Search the data below for the word "normrM" and copy each line that holds it.

» **SOURCE DATA**
BEGIN
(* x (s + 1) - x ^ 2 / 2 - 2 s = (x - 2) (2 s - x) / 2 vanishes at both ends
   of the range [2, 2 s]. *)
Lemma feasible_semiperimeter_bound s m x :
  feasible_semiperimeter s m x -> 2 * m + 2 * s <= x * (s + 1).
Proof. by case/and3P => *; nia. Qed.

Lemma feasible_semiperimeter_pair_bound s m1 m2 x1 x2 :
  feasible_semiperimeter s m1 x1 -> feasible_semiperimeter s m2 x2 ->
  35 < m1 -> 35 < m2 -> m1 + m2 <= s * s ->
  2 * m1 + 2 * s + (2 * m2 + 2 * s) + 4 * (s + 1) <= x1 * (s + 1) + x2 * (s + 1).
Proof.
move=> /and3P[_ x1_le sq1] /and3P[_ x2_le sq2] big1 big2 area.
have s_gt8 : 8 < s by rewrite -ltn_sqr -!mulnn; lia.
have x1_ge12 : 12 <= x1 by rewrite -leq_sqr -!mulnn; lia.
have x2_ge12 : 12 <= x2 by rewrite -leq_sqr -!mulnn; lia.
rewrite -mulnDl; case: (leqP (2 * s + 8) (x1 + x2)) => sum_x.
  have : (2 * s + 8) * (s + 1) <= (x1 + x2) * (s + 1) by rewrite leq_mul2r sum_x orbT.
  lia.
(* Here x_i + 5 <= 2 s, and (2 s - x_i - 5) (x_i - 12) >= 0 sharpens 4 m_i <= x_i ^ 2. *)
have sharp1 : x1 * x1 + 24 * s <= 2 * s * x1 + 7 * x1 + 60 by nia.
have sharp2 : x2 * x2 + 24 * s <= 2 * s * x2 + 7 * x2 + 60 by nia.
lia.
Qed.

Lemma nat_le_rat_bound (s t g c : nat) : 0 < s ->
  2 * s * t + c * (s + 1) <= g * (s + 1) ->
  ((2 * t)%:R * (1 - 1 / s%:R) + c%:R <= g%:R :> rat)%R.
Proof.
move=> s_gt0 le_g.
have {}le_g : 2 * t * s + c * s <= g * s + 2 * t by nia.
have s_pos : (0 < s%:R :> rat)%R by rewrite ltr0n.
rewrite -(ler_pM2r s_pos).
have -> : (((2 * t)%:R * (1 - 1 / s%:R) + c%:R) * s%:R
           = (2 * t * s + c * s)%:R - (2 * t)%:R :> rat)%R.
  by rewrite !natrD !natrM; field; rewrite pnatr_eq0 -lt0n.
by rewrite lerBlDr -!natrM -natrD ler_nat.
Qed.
END
BEGIN
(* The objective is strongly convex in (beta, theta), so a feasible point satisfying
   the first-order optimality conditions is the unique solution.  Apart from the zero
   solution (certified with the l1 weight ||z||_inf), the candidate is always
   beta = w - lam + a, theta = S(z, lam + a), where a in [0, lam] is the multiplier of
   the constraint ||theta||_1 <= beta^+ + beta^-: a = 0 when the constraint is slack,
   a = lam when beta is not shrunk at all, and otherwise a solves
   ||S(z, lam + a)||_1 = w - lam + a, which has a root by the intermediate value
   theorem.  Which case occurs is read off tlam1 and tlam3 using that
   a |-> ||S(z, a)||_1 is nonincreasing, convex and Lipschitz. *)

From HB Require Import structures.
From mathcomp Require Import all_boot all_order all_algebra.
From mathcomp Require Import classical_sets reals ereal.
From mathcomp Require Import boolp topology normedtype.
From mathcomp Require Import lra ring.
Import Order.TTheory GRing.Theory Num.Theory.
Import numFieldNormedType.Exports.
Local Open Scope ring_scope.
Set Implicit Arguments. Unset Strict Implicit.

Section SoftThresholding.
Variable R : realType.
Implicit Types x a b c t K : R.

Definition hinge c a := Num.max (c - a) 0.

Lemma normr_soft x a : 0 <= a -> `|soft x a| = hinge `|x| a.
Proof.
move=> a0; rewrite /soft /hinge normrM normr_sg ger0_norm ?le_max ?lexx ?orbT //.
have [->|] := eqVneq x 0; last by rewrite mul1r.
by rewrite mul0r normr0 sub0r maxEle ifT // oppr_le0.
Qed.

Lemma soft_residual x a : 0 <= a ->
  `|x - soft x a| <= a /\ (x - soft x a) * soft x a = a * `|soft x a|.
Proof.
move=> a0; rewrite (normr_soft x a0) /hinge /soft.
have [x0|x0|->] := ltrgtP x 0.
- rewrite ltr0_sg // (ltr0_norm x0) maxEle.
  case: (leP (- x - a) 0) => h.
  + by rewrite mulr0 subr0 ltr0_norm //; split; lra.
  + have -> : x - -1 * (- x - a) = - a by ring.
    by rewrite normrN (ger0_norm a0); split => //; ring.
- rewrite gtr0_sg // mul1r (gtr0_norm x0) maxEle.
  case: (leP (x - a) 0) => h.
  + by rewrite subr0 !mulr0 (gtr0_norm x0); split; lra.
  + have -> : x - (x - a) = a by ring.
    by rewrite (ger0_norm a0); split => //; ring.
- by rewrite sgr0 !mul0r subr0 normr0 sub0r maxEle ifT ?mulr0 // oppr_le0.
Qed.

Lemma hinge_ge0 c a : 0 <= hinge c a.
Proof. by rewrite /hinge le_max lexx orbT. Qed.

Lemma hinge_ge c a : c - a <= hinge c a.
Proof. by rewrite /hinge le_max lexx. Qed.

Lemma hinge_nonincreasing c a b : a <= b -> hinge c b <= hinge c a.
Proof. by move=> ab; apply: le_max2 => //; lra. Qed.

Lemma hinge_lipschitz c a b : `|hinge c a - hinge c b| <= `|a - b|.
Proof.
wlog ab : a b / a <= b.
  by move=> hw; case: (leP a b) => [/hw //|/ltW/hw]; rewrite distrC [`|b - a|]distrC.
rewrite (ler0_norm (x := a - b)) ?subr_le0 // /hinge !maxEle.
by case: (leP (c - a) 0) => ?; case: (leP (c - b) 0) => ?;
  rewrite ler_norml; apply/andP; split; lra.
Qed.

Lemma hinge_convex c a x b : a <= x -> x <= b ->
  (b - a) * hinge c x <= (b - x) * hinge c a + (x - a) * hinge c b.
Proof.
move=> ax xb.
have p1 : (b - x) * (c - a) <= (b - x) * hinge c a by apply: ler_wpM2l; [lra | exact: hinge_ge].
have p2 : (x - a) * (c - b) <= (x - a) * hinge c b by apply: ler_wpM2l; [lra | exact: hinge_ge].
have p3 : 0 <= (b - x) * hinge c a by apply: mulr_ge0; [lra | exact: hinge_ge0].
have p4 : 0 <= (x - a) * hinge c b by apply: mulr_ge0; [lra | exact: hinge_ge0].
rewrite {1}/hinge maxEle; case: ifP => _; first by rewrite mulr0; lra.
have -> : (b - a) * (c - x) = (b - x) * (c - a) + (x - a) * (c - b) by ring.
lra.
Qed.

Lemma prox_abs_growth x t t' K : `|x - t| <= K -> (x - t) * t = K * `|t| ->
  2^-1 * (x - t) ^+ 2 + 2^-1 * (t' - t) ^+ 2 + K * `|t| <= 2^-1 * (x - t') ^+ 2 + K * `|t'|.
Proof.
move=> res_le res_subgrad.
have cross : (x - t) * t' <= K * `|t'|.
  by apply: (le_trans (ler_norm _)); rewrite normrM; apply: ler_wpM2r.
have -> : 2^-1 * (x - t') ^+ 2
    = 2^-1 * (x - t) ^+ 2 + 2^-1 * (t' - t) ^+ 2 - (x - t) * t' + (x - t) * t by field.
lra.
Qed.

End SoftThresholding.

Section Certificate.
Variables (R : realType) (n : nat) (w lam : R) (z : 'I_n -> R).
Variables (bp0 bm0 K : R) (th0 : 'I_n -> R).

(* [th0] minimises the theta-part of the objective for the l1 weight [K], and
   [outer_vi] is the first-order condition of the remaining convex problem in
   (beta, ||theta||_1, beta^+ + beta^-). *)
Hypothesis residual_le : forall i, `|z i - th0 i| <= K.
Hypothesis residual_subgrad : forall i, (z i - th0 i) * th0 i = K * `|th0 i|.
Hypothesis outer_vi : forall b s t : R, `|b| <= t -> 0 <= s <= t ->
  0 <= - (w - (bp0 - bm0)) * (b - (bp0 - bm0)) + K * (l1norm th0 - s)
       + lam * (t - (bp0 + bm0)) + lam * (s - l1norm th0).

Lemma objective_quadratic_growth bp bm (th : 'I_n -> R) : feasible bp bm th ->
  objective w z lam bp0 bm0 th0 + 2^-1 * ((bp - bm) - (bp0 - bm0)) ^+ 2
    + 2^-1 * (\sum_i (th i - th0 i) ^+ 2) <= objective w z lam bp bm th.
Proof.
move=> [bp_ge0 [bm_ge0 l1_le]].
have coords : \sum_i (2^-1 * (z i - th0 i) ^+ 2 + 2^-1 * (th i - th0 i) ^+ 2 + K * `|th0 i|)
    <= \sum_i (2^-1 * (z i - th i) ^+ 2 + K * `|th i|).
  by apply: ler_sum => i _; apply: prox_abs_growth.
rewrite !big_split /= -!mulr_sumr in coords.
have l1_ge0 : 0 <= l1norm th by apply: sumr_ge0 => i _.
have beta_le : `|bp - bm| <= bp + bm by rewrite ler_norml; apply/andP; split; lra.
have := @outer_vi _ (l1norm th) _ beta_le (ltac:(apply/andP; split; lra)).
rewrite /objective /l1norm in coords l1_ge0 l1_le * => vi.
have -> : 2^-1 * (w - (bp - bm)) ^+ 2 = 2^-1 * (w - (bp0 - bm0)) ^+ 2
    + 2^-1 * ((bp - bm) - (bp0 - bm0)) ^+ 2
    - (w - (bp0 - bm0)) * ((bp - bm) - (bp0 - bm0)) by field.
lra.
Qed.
END
» **WRITTEN ANSWER**
move=> a0; rewrite /soft /hinge normrM normr_sg ger0_norm ?le_max ?lexx ?orbT //.
  by apply: (le_trans (ler_norm _)); rewrite normrM; apply: ler_wpM2r.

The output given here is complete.